In no particular order:

  • I like working from home, totally by myself (I was shocked by this).
  • I need to work out (almost) every day to stay sane.
  • Email is the devil, and should be ignored when you’re writing.
  • You’ll always feel behind, and that may never change.
  • I like working towards a business goal, and feel a little sad when I actually meet my goal. Solution: set more goals very quickly.
  • The only way to write a book is to just get up every morning and write a book.
  • Sometimes you need a nap, or to sleep in an extra hour. This is allowed.
  • Part of being a good boss-to-yourself is stopping to sometimes congratulate yourself on a job well done.
  • It’s important to remember why you’re doing this: to do meaningful work, and to have a family life. Enjoy those things. They are the reason.

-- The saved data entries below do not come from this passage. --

(* In the setting of the context, for each $u\in U$ let $\mathbf{I}_u$ indicate whether $u$ is matched by MMP-ALG after the $T$ online rounds, and let $x^*_u=\sum_{e\in E(u)}x^*_e$. Then, when $T\to\infty$ and $|U|=o(\sqrt{T})$, the random variables $\{\mathbf{I}_u:u\in U\}$ are asymptotically independent and each satisfies $\Pr[\mathbf{I}_u=1]\to 1-e^{-x^*_u}$.
   Context: Bipartite graph $G=(U,V,E)$; online rounds $t=1,\dots,T$, in each of which independently at most one $v\in V$ arrives, $v$ with probability $p_v$, $\sum_v p_v\le1$, $r_v=Tp_v\in[0,1]$. Each $u\in U$ can be matched at most once. $E(w)$ denotes the set of edges incident to $w$. $\mathbf{x}^*\in[0,1]^E$ satisfies $\sum_{e\in E(v)}x^*_e\le r_v$ for all $v\in V$ and $\sum_{e\in E(u)}x^*_e\le1$ for all $u\in U$. MMP-ALG: when $v$ arrives, sample at most one edge $e\in E(v)$, each $e$ with probability $x^*_e/r_v$; if $e=(u,v)$ is sampled and $u$ is still unmatched, match $e$, otherwise skip. *)

From HB Require Import structures.
From mathcomp Require Import all_boot all_order all_algebra.
From mathcomp Require Import all_classical all_reals all_analysis.
Set Implicit Arguments. Unset Strict Implicit. Unset Printing Implicit Defensive.
Import Order.TTheory GRing.Theory Num.Theory.
Local Open Scope ring_scope.

Definition rate (R : realFieldType) (V : finType) (T : nat) (p : V -> R) (v : V) : R :=
  T%:R * p v.

Definition xstar_u (R : realFieldType) (U V : finType) (E : {set U * V})
  (x : U * V -> R) (u : U) : R :=
  \sum_(v | (u, v) \in E) x (u, v).

(* Outcome of one round: None = nobody arrives;
   Some (v, None) = v arrives and no edge is sampled;
   Some (v, Some u) = v arrives and edge (u, v) is sampled. *)
Definition round_outcome (U V : finType) := option (V * option U).

Definition round_prob (R : realFieldType) (U V : finType) (E : {set U * V})
  (p : V -> R) (x : U * V -> R) (T : nat) (o : round_outcome U V) : R :=
  match o with
  | None => 1 - \sum_(v : V) p v
  | Some (v, None) =>
      p v * (1 - \sum_(u | (u, v) \in E) x (u, v) / rate T p v)
  | Some (v, Some u) =>
      if (u, v) \in E then p v * (x (u, v) / rate T p v) else 0
  end.

(* One step of MMP-ALG on the set M of matched vertices of U. *)
Definition mmp_step (U V : finType) (M : {set U}) (o : round_outcome U V) : {set U} :=
  match o with
  | Some (_, Some u) => if u \in M then M else (u |: M)%SET
  | _ => M
  end.

Definition mmp_run (U V : finType) (T : nat)
  (w : {ffun 'I_T -> round_outcome U V}) : {set U} :=
  foldl (@mmp_step U V) finset.set0 [seq w t | t <- enum 'I_T].

Definition path_prob (R : realFieldType) (U V : finType) (E : {set U * V})
  (p : V -> R) (x : U * V -> R) (T : nat)
  (w : {ffun 'I_T -> round_outcome U V}) : R :=
  \prod_(t < T) round_prob E p x T (w t).

Definition mmp_marg (R : realFieldType) (U V : finType) (E : {set U * V})
  (p : V -> R) (x : U * V -> R) (T : nat) (u : U) : R :=
  \sum_(w : {ffun 'I_T -> round_outcome U V} | u \in mmp_run w) path_prob E p x w.

Definition mmp_joint (R : realFieldType) (U V : finType) (E : {set U * V})
  (p : V -> R) (x : U * V -> R) (T : nat) (b : {ffun U -> bool}) : R :=
  \sum_(w : {ffun 'I_T -> round_outcome U V} | [ffun u => u \in mmp_run w] == b)
     path_prob E p x w.

Definition mmp_prodmarg (R : realFieldType) (U V : finType) (E : {set U * V})
  (p : V -> R) (x : U * V -> R) (T : nat) (b : {ffun U -> bool}) : R :=
  \prod_(u : U) (if b u then mmp_marg E p x T u else 1 - mmp_marg E p x T u).

Definition mmp_tv (R : realFieldType) (U V : finType) (E : {set U * V})
  (p : V -> R) (x : U * V -> R) (T : nat) : R :=
  2^-1 * \sum_(b : {ffun U -> bool}) `|mmp_joint E p x T b - mmp_prodmarg E p x T b|.

Definition feasible_instance (R : realFieldType) (U V : finType) (E : {set U * V})
  (p : V -> R) (x : U * V -> R) (T : nat) : Prop :=
  [/\ (forall v, 0 <= p v),
      \sum_(v : V) p v <= 1 /\ (forall v, rate T p v <= 1),
      (forall e, e \in E -> 0 <= x e <= 1),
      (forall v, \sum_(u | (u, v) \in E) x (u, v) <= rate T p v) &
      (forall u, \sum_(v | (u, v) \in E) x (u, v) <= 1)].

(* In one round of MMP-ALG at most one vertex of U is hit: u with probability
   q_u = x*_u / T, and nobody with the remaining probability.  The matched set after T rounds
   is the union of T independent hit sets, so its law is the T-th power of the one-round law
   for the union-convolution of laws on subsets of U; the zeta transform
   zeta f M = sum_{A <= M} f A turns union-convolution into pointwise product.  The same
   transform gives Pr[I_u = 1] = 1 - (1 - q_u)^T and shows that the product of these
   marginals is the T-th union-convolution power of the product of Bernoulli(q_u) laws.
   Union-convolution of laws is 1-Lipschitz in l1 in each argument, so the total variation
   distance is at most T/2 times the l1 distance between the one-round law and the product
   of Bernoulli(q_u) laws.  The latter is at most 2 (sum_u q_u)^2 <= 2 |U|^2 / T^2: both have
   mass 1, and by the Weierstrass product inequality the one-round law exceeds the product law
   only on singletons {u}, by at most q_u sum_w q_w.  Hence the distance is at most |U|^2 / T.
   Finally |(1 - x/T)^T - e^(-x)| <= 1/T for x in [0, 1]. *)

From HB Require Import structures.
From mathcomp Require Import all_boot all_order all_algebra.
From mathcomp Require Import all_classical all_reals all_analysis.
From mathcomp Require Import ring lra.
Import numFieldNormedType.Exports.
Import Order.TTheory GRing.Theory Num.Theory.
Set Implicit Arguments. Unset Strict Implicit. Unset Printing Implicit Defensive.
Local Open Scope ring_scope.

Lemma sum_indicator_eq (R : pzSemiRingType) (I : finType) (P : pred I) (a : I) :
  \sum_(i | P i) ((a == i)%:R : R) = (P a)%:R.
Proof.
rewrite (big_mkcond P) (bigD1 a) //= eqxx big1 ?addr0; first by case: (P a).
by move=> i /negbTE; rewrite eq_sym => ->; case: (P i).
Qed.

Lemma sum_ffun_bool_set (R : nmodType) (T : finType) (F : {ffun T -> bool} -> R) :
  \sum_f F f = \sum_(A : {set T}) F [ffun u => u \in A].
Proof.
rewrite (reindex (fun A : {set T} => [ffun u => u \in A])) //.
exists (fun f : {ffun T -> bool} => [set u | f u]) => [A|f] _ /=.
  by apply/setP => u; rewrite inE ffunE.
by apply/ffunP => u; rewrite ffunE inE.
Qed.

Section ZetaTransform.
Variables (R : comPzRingType) (U : finType).
Implicit Types (f g mu nu : {set U} -> R) (a : U -> R) (A B C M : {set U}).

Definition zeta f M := \sum_(A : {set U} | A \subset M) f A.

Lemma zeta_setT f : zeta f [set: U]%SET = \sum_A f A.
Proof. by apply: eq_bigl => A; rewrite finset.subsetT. Qed.

Lemma zeta_inj f g : zeta f =1 zeta g -> f =1 g.
Proof.
move=> fg M; have [n] := ubnP #|M|; elim: n M => // n IH M /ltnSE leMn.
have : zeta f M - zeta g M = 0 by rewrite fg subrr.
rewrite /zeta -sumrB (bigD1 M) //= big1 ?addr0 => [/subr0_eq //|A /andP[sAM neAM]].
rewrite IH ?subrr //; apply: leq_trans leMn.
by rewrite proper_card // finset.properEneq neAM.
Qed.

Definition union_conv mu nu C :=
  \sum_(A : {set U}) \sum_(B : {set U}) (A :|: B == C)%:R * (mu A * nu B).

Lemma zeta_union_conv mu nu M :
  zeta (union_conv mu nu) M = zeta mu M * zeta nu M.
Proof.
rewrite /zeta /union_conv exchange_big /= big_distrl /= [RHS]big_mkcond /=.
apply: eq_bigr => A _; rewrite exchange_big /=.
have indicator B : \sum_(C : {set U} | C \subset M) (A :|: B == C)%:R * (mu A * nu B)
    = ((A \subset M) && (B \subset M))%:R * (mu A * nu B).
  by rewrite -big_distrl /= sum_indicator_eq finset.subUset.
case: (boolP (A \subset M)) => sAM /=.
  rewrite big_distrr /= [RHS]big_mkcond /=; apply: eq_bigr => B _.
  by rewrite indicator sAM; case: (B \subset M); rewrite ?mul1r ?mul0r ?mulr0.
by rewrite big1 // => B _; rewrite indicator (negbTE sAM) mul0r.
Qed.

Lemma union_convB mu1 nu1 mu2 nu2 C :
  union_conv mu1 nu1 C - union_conv mu2 nu2 C =
  union_conv (fun A => mu1 A - mu2 A) nu1 C +
  union_conv mu2 (fun B => nu1 B - nu2 B) C.
Proof.
rewrite /union_conv -sumrB -big_split /=; apply: eq_bigr => A _.
rewrite -sumrB -big_split /=; apply: eq_bigr => B _.
by rewrite -mulrBr -mulrDr; congr (_ * _); rewrite mulrBl mulrBr addrA subrK.
Qed.

Fixpoint union_conv_pow n mu : {set U} -> R :=
  if n is n'.+1 then union_conv (union_conv_pow n' mu) mu
  else fun A => (A == finset.set0)%:R.

Lemma zeta_union_conv_pow n mu M : zeta (union_conv_pow n mu) M = zeta mu M ^+ n.
Proof.
elim: n => [|n IH] /=; last by rewrite zeta_union_conv IH exprSr.
rewrite /zeta; under eq_bigr => A _ do rewrite eq_sym.
by rewrite sum_indicator_eq finset.sub0set.
Qed.

Definition indep_law a A := \prod_u (if u \in A then a u else 1 - a u).

Lemma zeta_indep_law a M : zeta (indep_law a) M = \prod_(u | u \notin M) (1 - a u).
Proof.
pose g u (b : bool) := if b then (if u \in M then a u else 0) else 1 - a u.
transitivity (\prod_u \sum_(b : bool) g u b); last first.
  rewrite [RHS]big_mkcond /=; apply: eq_bigr => u _.
  by rewrite big_bool /g; case: (u \in M); rewrite /= ?subrKC ?add0r.
rewrite bigA_distr_bigA /= sum_ffun_bool_set /zeta [LHS]big_mkcond /=.
apply: eq_bigr => A _; rewrite /indep_law /g.
case: (boolP (A \subset M)) => [sAM|/fintype.subsetPn[u uA uM]].
  apply: eq_bigr => u _; rewrite ffunE; case: ifP => // uA.
  by rewrite (fintype.subsetP sAM u uA).
by rewrite (bigD1 u) //= ffunE uA (negbTE uM) mul0r.
Qed.

Lemma indep_law_pow n a :
  indep_law (fun u => 1 - (1 - a u) ^+ n) =1 union_conv_pow n (indep_law a).
Proof.
apply: zeta_inj => M; rewrite zeta_union_conv_pow !zeta_indep_law -prodrXl.
by apply: eq_bigr => u _; rewrite subKr.
Qed.

End ZetaTransform.

Section L1Norm.
Variables (R : numDomainType) (U : finType).
Implicit Types (f mu nu : {set U} -> R) (a : U -> R).

Definition l1norm f := \sum_(A : {set U}) `|f A|.

Definition is_law f := (forall A, 0 <= f A) /\ \sum_(A : {set U}) f A = 1.

Lemma l1norm_law mu : is_law mu -> l1norm mu = 1.
Proof. by case=> mu_ge0 <-; apply: eq_bigr => A _; rewrite ger0_norm. Qed.

Lemma l1norm_union_conv mu nu : l1norm (union_conv mu nu) <= l1norm mu * l1norm nu.
Proof.
have -> : l1norm mu * l1norm nu =
    \sum_(C : {set U}) union_conv (fun A => `|mu A|) (fun B => `|nu B|) C.
  by rewrite -zeta_setT zeta_union_conv !zeta_setT.
apply: ler_sum => C _; apply: le_trans (ler_norm_sum _ _ _) _.
apply: ler_sum => A _; apply: le_trans (ler_norm_sum _ _ _) _.
by apply: ler_sum => B _; rewrite normrM normr_nat normrM.
Qed.

Lemma is_law_union_conv_pow n mu : is_law mu -> is_law (union_conv_pow n mu).
Proof.
case=> mu_ge0 mu_sum; split.
  elim: n => [|n IH] A /=; first exact: ler0n.
  by apply: sumr_ge0 => B _; apply: sumr_ge0 => C _; rewrite !mulr_ge0.
by rewrite -zeta_setT zeta_union_conv_pow zeta_setT mu_sum expr1n.
Qed.

(* Union-convolution with a law is a contraction in l1, so the errors of the n factors add up. *)
Lemma l1norm_union_conv_pow_sub n mu nu : is_law mu -> is_law nu ->
  l1norm (fun A => union_conv_pow n mu A - union_conv_pow n nu A)
  <= n%:R * l1norm (fun A => mu A - nu A).
Proof.
move=> mu_law nu_law; elim: n => [|n IH] /=.
  by rewrite mul0r /l1norm big1 // => A; rewrite subrr normr0.
rewrite /l1norm; under eq_bigr => C _ do rewrite union_convB.
apply: le_trans (ler_sum _ (fun C _ => ler_normD _ _)) _.
rewrite big_split /= mulrSr mulrDl mul1r; apply: lerD.
  by apply: le_trans (l1norm_union_conv _ _) _; rewrite (l1norm_law mu_law) mulr1.
apply: le_trans (l1norm_union_conv _ _) _.
by rewrite l1norm_law ?mul1r //; apply: is_law_union_conv_pow.
Qed.

Lemma is_law_indep_law a : (forall u, 0 <= a u <= 1) -> is_law (indep_law a).
Proof.
move=> a01; split=> [A|].
  by apply: prodr_ge0 => u _; case/andP: (a01 u) => ? ?; case: ifP; rewrite ?subr_ge0.
by rewrite -zeta_setT zeta_indep_law big_pred0 // => u; rewrite finset.in_setT.
Qed.

End L1Norm.

Lemma weierstrass_prod (R : realDomainType) (I : finType) (P : pred I) (a : I -> R) :
  (forall i, 0 <= a i <= 1) -> 1 - \sum_(i | P i) a i <= \prod_(i | P i) (1 - a i).
Proof.
move=> a01.
suff [] : 1 - \sum_(i | P i) a i <= \prod_(i | P i) (1 - a i) /\ 0 <= \sum_(i | P i) a i by [].
elim/big_rec2: _ => [|i s r _ [le_s_r s_ge0]]; first by rewrite subr0.
have /andP[ai_ge0 ai_le1] := a01 i.
have : 0 <= (1 - a i) * (r - (1 - s)) by apply: mulr_ge0; rewrite subr_ge0.
have : 0 <= a i * s by apply: mulr_ge0.
by rewrite !mulrBr !mulrBl !mul1r; split; lra.
Qed.

Lemma sum_norm_sum0 (R : realDomainType) (I : finType) (f : I -> R) :
  \sum_i f i = 0 -> \sum_i `|f i| = 2 * \sum_i Num.max (f i) 0.
Proof.
move=> f_sum0; have normE i : `|f i| = 2 * Num.max (f i) 0 - f i.
  by case: (lerP 0 (f i)) => fi0; [rewrite ger0_norm | rewrite ltr0_norm]; lra.
by rewrite (eq_bigr _ (fun i _ => normE i)) sumrB f_sum0 subr0 mulr_sumr.
Qed.

Lemma set0_neq_set1 (T : finType) (u : T) : (finset.set0 == [set u]) = false.
Proof. by apply/eqP => /setP /(_ u); rewrite !inE eqxx. Qed.

Section SmallSetLaw.
Variables (R : realDomainType) (U : finType) (a : U -> R) (alpha : {set U} -> R).
Hypotheses (a01 : forall u, 0 <= a u <= 1) (alpha_sum : \sum_(A : {set U}) alpha A = 1).
Hypotheses (alpha0 : alpha finset.set0 = 1 - \sum_u a u)
  (alpha1 : forall u, alpha [set u] = a u)
  (alpha_large : forall A : {set U}, (1 < #|A|)%N -> alpha A = 0).

Lemma pos_part_sub_indep_law (A : {set U}) : Num.max (alpha A - indep_law a A) 0 <=
  \sum_u a u * (\sum_w a w) * (A == [set u])%:R.
Proof.
have a_ge0 u : 0 <= a u by case/andP: (a01 u).
set Q := \sum_w a w.
have [/cards0_eq-> | card_A_neq0] := eqVneq #|A| 0.
  rewrite big1 => [|u _]; last by rewrite set0_neq_set1 mulr0.
  rewrite max_r // alpha0 subr_le0 /indep_law.
  under [X in _ <= X]eq_bigr => u _ do rewrite finset.in_set0.
  exact: weierstrass_prod.
have [/eqP/cards1P[u ->] | card_A_neq1] := eqVneq #|A| 1.
  rewrite (bigD1 u) //= eqxx mulr1 big1 ?addr0; last first.
    by move=> w wu; rewrite (inj_eq set1_inj) eq_sym (negbTE wu) mulr0.
  rewrite ge_max mulr_ge0 ?a_ge0 ?sumr_ge0 // andbT alpha1 /indep_law (bigD1 u) //=.
  rewrite finset.in_set1 eqxx.
  under eq_bigr => w /negbTE wu do rewrite finset.in_set1 wu.
  have := weierstrass_prod (fun w => w != u) a01.
  have : \sum_(w | w != u) a w <= Q by rewrite /Q [X in _ <= X](bigD1 u) //= lerDr.
  have := a_ge0 u; nra.
rewrite alpha_large; last by case: #|A| card_A_neq0 card_A_neq1 => [|[]].
rewrite sub0r max_r ?oppr_le0 ?(is_law_indep_law a01).1 //.
by apply: sumr_ge0 => u _; rewrite !mulr_ge0 ?sumr_ge0.
Qed.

Helpful Posts From Around the Blog-o-sphere

And while I’m at it, here are some links to posts I found really helpful this month:

  • Ariel finally launched Offbeat Home (And it’s better than I even expected!). Her article about why selling their house and buying a city-center condo was a smart decision, and her home tour (one bedroom apartment with a baby and two people who work from home? They love it.) were phenomenally helpful to me, in a thinking-through-my-lifestyle kind of way. We’re currently rocking out the one bedroom apartment with two freelancers, and have no plans to move any time soon. Reading these posts helped me figure out why it works for us.
  • Swiss Miss’s post about the communication crisis of having too many people trying to contact you across too many channels, too much noise, and too much guilt. I’m still figuring this out, though Ariel has recommended the Five Sentence Email solution.
  • And Kathleen‘s post about To-Do lists. Kathleen and I had a talk at Alt in my first month of freelance work, about getting overwhelmed. She recommended the no-email-in-the-morning policy, with the idea being that we’re most creative in the morning, and we should tap into that by writing. I’m working on it.

And with that, I pitch it to you guys. Any questions about this crazy whirl that is working for yourself? Perspective, from those of you who’ve been there? Go!